I've heard of some of those, but I haven't watched them.  Netflix titles?  Maybe it's just Prime that sucks.  I did find a documentary about the history of invention.  Not as great as The Day the Universe Changed, but still pretty watchable.


----------



## BAYLOR (May 11, 2022)

*Voyage to the Bottom of the Sea * tav series Hokey but fun to watch.

The original *Kung Fu *Tv series with David Carradine and Key Luke  

*The Wild Wild West 

Quatermass and the Pit* 1958 six part tv serial 

And other great old shows. You just can't beat a classic.


----------



## KGeo777 (May 11, 2022)

BAYLOR said:


> And other great old shows. You just can't beat a classic.


"In a time of decadence it is often better to stand by the old--which still has possibilities--than to plunge into the hapless welter of unformed barbarism which is the sole available alternative." Lovecraft


----------



## Rodders (May 11, 2022)

I'm bored with modern content. Occasionally something decent comes along, but generally its the same. I think it's more to do with my age than anything. I find myself looking back to older TV for things to watch. To be fair though, I remember channel hopping a lot when there were only three channels. It stands to reason that with more channels, finding something to watch is no more difficult. Most modern multi-series modern TV can be quite a commitment, so I suspect that it boils down to the end of the work day and the need for "casual" viewing.


----------



## Droflet (May 11, 2022)

I know what you mean, Rodders. I just finished watching seasons 1 and 2 of Star Trek, TOS.


----------



## Bramandin (May 12, 2022)

And now I've got "The Torture Chamber of Dr. Sadism" and toddler entertainment in my Prime suggestions.  Yes I have varied tastes, but I don't know how I made it so confused.


----------



## BAYLOR (May 12, 2022)

KGeo777 said:


> "In a time of decadence it is often better to stand by the old--which still has possibilities--than to plunge into the hapless welter of unformed barbarism which is the sole available alternative." Lovecraft



*Tales  from the Gold Monkey *was an Indian Jones knock off but I loved it.


----------



## KGeo777 (May 12, 2022)

I would love to watch new stuff if it appealed to me but the plots don't.


In 1962 an hour show was 55 minutes.
 In 1972 an hour show was around 52 minutes.

Now it is something like 35 minutes if that long.
A  Coca-Cola can has more air time than the special guest star.


----------



## KGeo777 (May 12, 2022)

BAYLOR said:


> *Tales  from the Gold Monkey*


I have been meaning to revisit that one.
I remember the show well-especially the pilot movie.


----------



## BAYLOR (May 12, 2022)

KGeo777 said:


> I have been meaning to revisit that one.
> I remember the show well-especially the pilot movie.

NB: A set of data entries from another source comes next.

(* Let $\mathcal{I}(X,\mathcal{R})$ be an index coding problem with messages $X=\{x_1,\dots,x_m\}$, each in $\mathbb{F}_q^n$, and receivers $R_i=(x_{f(i)},H_i)\in\mathcal{R}$, each with a prescribed error-correcting capability $\delta_i\in\mathbb{Z}_{\ge0}$ satisfying $2\delta_i\le c$. Then there exists a vector linear differential error correcting index code over $\mathbb{F}_q$ of length $c$ and dimension $n$ for this problem (with capabilities $\delta_i$) if and only if there exists a discrete polymatroid $\mathbb{D}$ on the ground set $\{1,\dots,m+2c\}$, representable over $\mathbb{F}_q$, with rank function $r$ and $r(\{1,\dots,m+2c\})=mn+c$, satisfying: (A) $r(\{j\})=n$ for all $j\in\{1,\dots,m\}$; $r(\{1,\dots,m+c\})=mn+c$; and $r(\{m+j\})=1$ for all $j\in\{1,\dots,2c\}$; (B) for every $j\in\{1,\dots,c\}$: $r(\{1,\dots,m\}\cup\{m+j,m+c+j\})=r(\{1,\dots,m\}\cup\{m+j\})=r(\{1,\dots,m\}\cup\{m+c+j\})$; (C) for every receiver $R_i=(x_{f(i)},H_i)$ and every set $\mathcal{F}=\{i_1,\dots,i_{2\delta_i}\}\subseteq\{1,\dots,c\}$ with $|\mathcal{F}|=2\delta_i$, setting $$T_{\mathcal{F},i}=\{1,\dots,m+c\}\setminus\big(\overline{H_i}\cup\{m+i_1,\dots,m+i_{2\delta_i}\}\big),\qquad \mathbb{D}_{\mathcal{F},i}=\mathbb{D}/T_{\mathcal{F},i},$$ one has $r_{\mathbb{D}_{\mathcal{F},i}}(\{f(i)\}\cup S)=r_{\mathbb{D}_{\mathcal{F},i}}(S)$, where $S=\{m+c+1,\dots,m+2c\}$ and $\overline{H_i}=\{1,\dots,m\}\setminus\{j: x_j\in H_i\}$.
   Context: Index coding problem: messages $x_1,\dots,x_m\in\mathbb{F}_q^n$ (row vectors), $y=[x_1\ \cdots\ x_m]\in\mathbb{F}_q^{mn}$; each receiver $R_i=(x_{f(i)},H_i)$ demands $x_{f(i)}$ and knows side information $H_i\subseteq X\setminus\{x_{f(i)}\}$. A differential error correcting index code of length $c$ and dimension $n$ is a map $\mathfrak{C}:\mathbb{F}_q^{mn}\to\mathbb{F}_q^c$ such that for each receiver $R_i$ there is a decoding function $\psi_{R_i}$ with $\psi_{R_i}(\mathfrak{C}(y)+\epsilon_i,H_i)=x_{f(i)}$ for all $y\in\mathbb{F}_q^{mn}$ and all $\epsilon_i\in\mathbb{F}_q^c$ of Hamming weight at most $\delta_i$. It is vector linear if $\mathfrak{C}(y)=yL$ for some $mn\times c$ matrix $L$ over $\mathbb{F}_q$. Discrete polymatroid: a nonempty finite $\mathbb{D}\subseteq\mathbb{Z}_{\ge0}^N$ closed under taking componentwise-smaller nonnegative integer vectors and such that for $u,v\in\mathbb{D}$ with $|u|<|v|$ there is $w\in\mathbb{D}$ with $u<w\le u\vee v$; its rank function is $r(A)=\max\{\sum_{j\in A}u_j:u\in\mathbb{D}\}$, $r(\emptyset)=0$, and it determines $\mathbb{D}$. $\mathbb{D}$ is representable over $\mathbb{F}_q$ if there are subspaces $V_1,\dots,V_N$ of an $\mathbb{F}_q$-vector space with $\dim(\sum_{j\in A}V_j)=r(A)$ for all $A$. For $T$ a subset of the ground set $E$, the contraction $\mathbb{D}/T$ has ground set $E\setminus T$ and rank function $r_{\mathbb{D}/T}(A)=r(A\cup T)-r(T)$. *)

From HB Require Import structures.
From mathcomp Require Import all_boot all_order all_algebra all_fingroup all_field.
Set Implicit Arguments. Unset Strict Implicit. Unset Printing Implicit Defensive.
Import GRing.Theory.
Local Open Scope ring_scope.

Definition hweight (F : fieldType) (c : nat) (e : 'rV[F]_c) : nat :=
  #|[set j : 'I_c | e 0 j != 0]|.

(* The message vector y = [x_1 ... x_m] in F^(mn); the messages are the rows of X. *)
Definition msg_vec (F : fieldType) (m n : nat) (X : 'M[F]_(m, n)) : 'rV[F]_(m * n) :=
  mxvec X.

Definition side_info (F : fieldType) (m n : nat) (H : {set 'I_m}) (X : 'M[F]_(m, n))
  : 'M[F]_(m, n) := \matrix_(j, k) (if j \in H then X j k else 0).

I still enjoy it. I wish  it had gotten more than the one season.


----------



## Elentarri (May 12, 2022)

Ray Zdybrow said:


> My next door neighbour asked "Is it true you don't have a telly?"
> I admitted it was true.
> "You're weird!" she said, "what do you WATCH?"


I don't have a TV either... and people keep trying to buy/give me one... persistently.  There is absolutely no reason what so ever for me to have  glorified wall decoration (aka TV)  since there is nothing to watch (IMO).  If someone does decide I need to see something, they can send it over on a flash drive or invite me to their place to see it.
Even my mother (who does NOT read anything more extensive than the newspaper) has decided that there is nothing to watch and can I lend her a book.   Yesterday she finished Miss Benson's Beetle, and has started Bill Bryson's The Body.


----------



## Harpo (May 12, 2022)

I don’t watch telly. I watch DVDs, which I get for 50p-£1 from local charity shops.

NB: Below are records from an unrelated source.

Lemma tensor_map_ex (u : E -> E) : {morph u : x y / x + y} -> scalable u ->
  exists g : F -> F, [/\ {morph g : v w / v + w}, forall t v, g (t *: v) = t *: g v
    & forall x t, g (b x t) = b (u x) t].
Proof.
have [[bDl bDr] [bZl bZr] bT univ] := tensorF.
move=> uD uZ.
have [||||g [gD gZ gb _]] := univ FR (fun x t => b (u x) t : FR).
- by move=> x y t; rewrite uD bDl.
- by move=> x t t'; rewrite bDr.
- by move=> r x t; rewrite uZ bZl.
- by move=> r x t; rewrite bZr.
exists g; split=> // t.
apply: (@tensor_ext FR (fun v => g (t *: v)) (fun v => t *: g v)).
- by move=> v w; rewrite scalerDr gD.
- by move=> v w; rewrite gD scalerDr.
- by move=> r v; rewrite scalerA mulrC -scalerA gZ.
- by move=> r v; rewrite gZ !restrict_scalarsZ scalerA mulrC -scalerA.
- by move=> x t'; rewrite bT !gb bT.
Qed.

Section PureTensorSpan.
Variable N : submodClosed FR.
Hypothesis N_pure : forall x t, b x t \in N.

Inductive submod_of : predArgType := Submod v & v \in N.
Definition submod_val w : FR := let: Submod v _ := w in v.
HB.instance Definition _ := [isSub of submod_of for submod_val].
HB.instance Definition _ := [Choice of submod_of by <:].
HB.instance Definition _ := [SubChoice_isSubLmodule of submod_of by <:].

(* Universality yields a linear retraction of F onto N fixing pure tensors. *)
Lemma tensor_pure_span v : (v : FR) \in N.
Proof.
have [[bDl bDr] [bZl bZr] _ univ] := tensorF.
pose c x t := Submod (N_pure x t).
have [||||g [gD gZ gb _]] := univ submod_of c.
- by move=> x y t; apply: val_inj; rewrite /= bDl.
- by move=> x t u; apply: val_inj; rewrite /= bDr.
- by move=> r x t; apply: val_inj; rewrite /= bZl.
- by move=> r x t; apply: val_inj; rewrite /= bZr.
have -> : v = submod_val (g v).
  apply: (@tensor_ext FR id (submod_val \o g)) => // [u w|r w|x t] /=.
  - by rewrite gD.
  - by rewrite gZ.
  - by rewrite gb.
exact: valP.
Qed.

End PureTensorSpan.

End TensorProduct.

Section AfgTensor.
Variables (R T : comPzRingType) (phi : {rmorphism R -> T}) (E : lmodType R)
  (F : lmodType T) (b : E -> T -> F).
Hypothesis tensorF : is_tensor_product phi b.
Variables (S : comPzRingType) (f : {rmorphism R -> S}) (act : S -> E -> E).
Hypothesis actP : module_action act.
Hypothesis act_f : forall (r : R) (x : E), act (f r) x = r *: x.
Hypothesis act_fg : fin_gen_action act.
Local Notation FR := (restrict_scalars phi F).

Lemma act_additive s : {morph act s : x y / x + y}.
Proof. by have [_ _ _ actDr] := actP; exact: actDr. Qed.

Lemma act_scalable s : scalable (act s).
Proof. by have [_ actM _ _] := actP; move=> r x; rewrite -!act_f !actM mulrC. Qed.

Definition tensor_act (s : S) : F -> F :=
  sval (cid (tensor_map_ex tensorF (act_additive s) (act_scalable s))).

Lemma tensor_actD s : {morph tensor_act s : v w / v + w}.
Proof. by rewrite /tensor_act; case: cid => g []. Qed.

Lemma tensor_actZ s t v : tensor_act s (t *: v) = t *: tensor_act s v.
Proof. by rewrite /tensor_act; case: cid => g []. Qed.

Lemma tensor_act_pure s x t : tensor_act s (b x t) = b (act s x) t.
Proof. by rewrite /tensor_act; case: cid => g []. Qed.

Currently piled nearby are series 1&2 of Spaced, and Terminator 2 housed in a metal case and with a bonus disc of extras.
Plus some Simpsons and Family Guy series


----------



## paeng (May 12, 2022)

Streaming services, library holdings, etc., has led to the opposite: I have too many to watch.


----------



## Mon0Zer0 (May 12, 2022)

I find the opposite - too much stuff to watch and too little time to watch it in. 

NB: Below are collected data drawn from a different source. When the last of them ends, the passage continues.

(* Let $n\ge 3$. The set $\mathbf{W}^{\ge 6}_{\mathrm{bf}}(n)$ is the unique maximal transition semigroup of a minimal DFA $\mathcal{D}_n$ of a bifix-free language (with the state conventions below) in which there are no colliding pairs of states.
   Context: A language is bifix-free if no word of it is a proper prefix or a proper suffix of another word of it. For a minimal complete DFA $\mathcal{D}_n$ of a bifix-free language with $n$ states the states are named $Q=\{0,\dots,n-1\}$ so that $0$ is initial, $n-1$ is the empty state and $n-2$ is the unique final state (quotient $\{\varepsilon\}$). Transformations act on the right, $q(st)=(qs)t$; the transition semigroup $T(n)$ is the semigroup of transformations of $Q$ induced by nonempty words. Let $Q_M=\{1,\dots,n-3\}$. An unordered pair $\{p,q\}$ of distinct states of $Q_M$ is colliding (in $T(n)$) if there is $t\in T(n)$ with $0t=p$ and $rt=q$ for some $r\in Q_M$. Let $\mathbf{B}_{\mathrm{bf}}(n)$ be the set of all transformations $t$ of $Q$ with $0\notin Qt$, $(n-1)t=n-1$, $(n-2)t=n-1$, and for all $j\ge1$, either $0t^j=n-1$ or $0t^j\ne qt^j$ for all $0<q<n-1$. Then $\mathbf{W}^{\ge 6}_{\mathrm{bf}}(n)=\{t\in\mathbf{B}_{\mathrm{bf}}(n)\mid 0t\in\{n-2,n-1\}$, or $0t\in Q_M$ and $qt\in\{n-2,n-1\}$ for all $q\in Q_M\}$. *)

From mathcomp Require Import all_boot.
Set Implicit Arguments. Unset Strict Implicit. Unset Printing Implicit Defensive.

(* States of D_n are Q = 'I_n = {0,...,n-1}; 0 initial, n-1 empty state,
   n-2 unique final state.  A transformation of Q is a {ffun 'I_n -> 'I_n};
   transformations act on the right: q(st) = (qs)t. *)

Section Defs.
Variable n : nat.
Notation tr := {ffun 'I_n -> 'I_n}.

(* value of state number k (as a nat) under t; identity outside 0..n-1 *)
Definition img (t : tr) (k : nat) : nat :=
  if insub k is Some q then val (t q) else k.

Definition inQM (k : nat) : bool := (0 < k) && (k <= n - 3).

Just this year you've got:

Severance
Outer Range
Better Call Saul
Tokyo Vice
Uploaded
Moon knight
Halo
Resident Alien
Russian Doll
Snowpiercer
Ozark
The Pentaverate
Reacher
Invincible

and so on...


----------



## Harpo (May 12, 2022)

Mon0Zer0 said:


> I find the opposite - too much stuff to watch and too little time to watch it in.
> 
> Just this year you've got:
> 
> ...


I have heard of three of those


----------



## Bramandin (May 12, 2022)

Harpo said:


> I have heard of three of those



I've only watched Upload, which I recommend if you like a humorous take on dystopia.  I guess I'm putting Resident Alien on my list.


----------



## Please Be Nice (May 14, 2022)

Bramandin said:


> It's like everything I saw that was interesting was on streaming services that we don't have (or I have the DVD) and everything I did find either was or looked dumb.  This morning I had to turn off the animated version of King and I, Idiocracy, and some anime that didn't have a dubb.  Previously I tried to watch Shark Tale and I passed over Bold Eagles because it just seemed like one of those movies that are thrown together because kids will watch anything.


Perhaps your interests could be broadened and then you may see new things that are then interesting to you.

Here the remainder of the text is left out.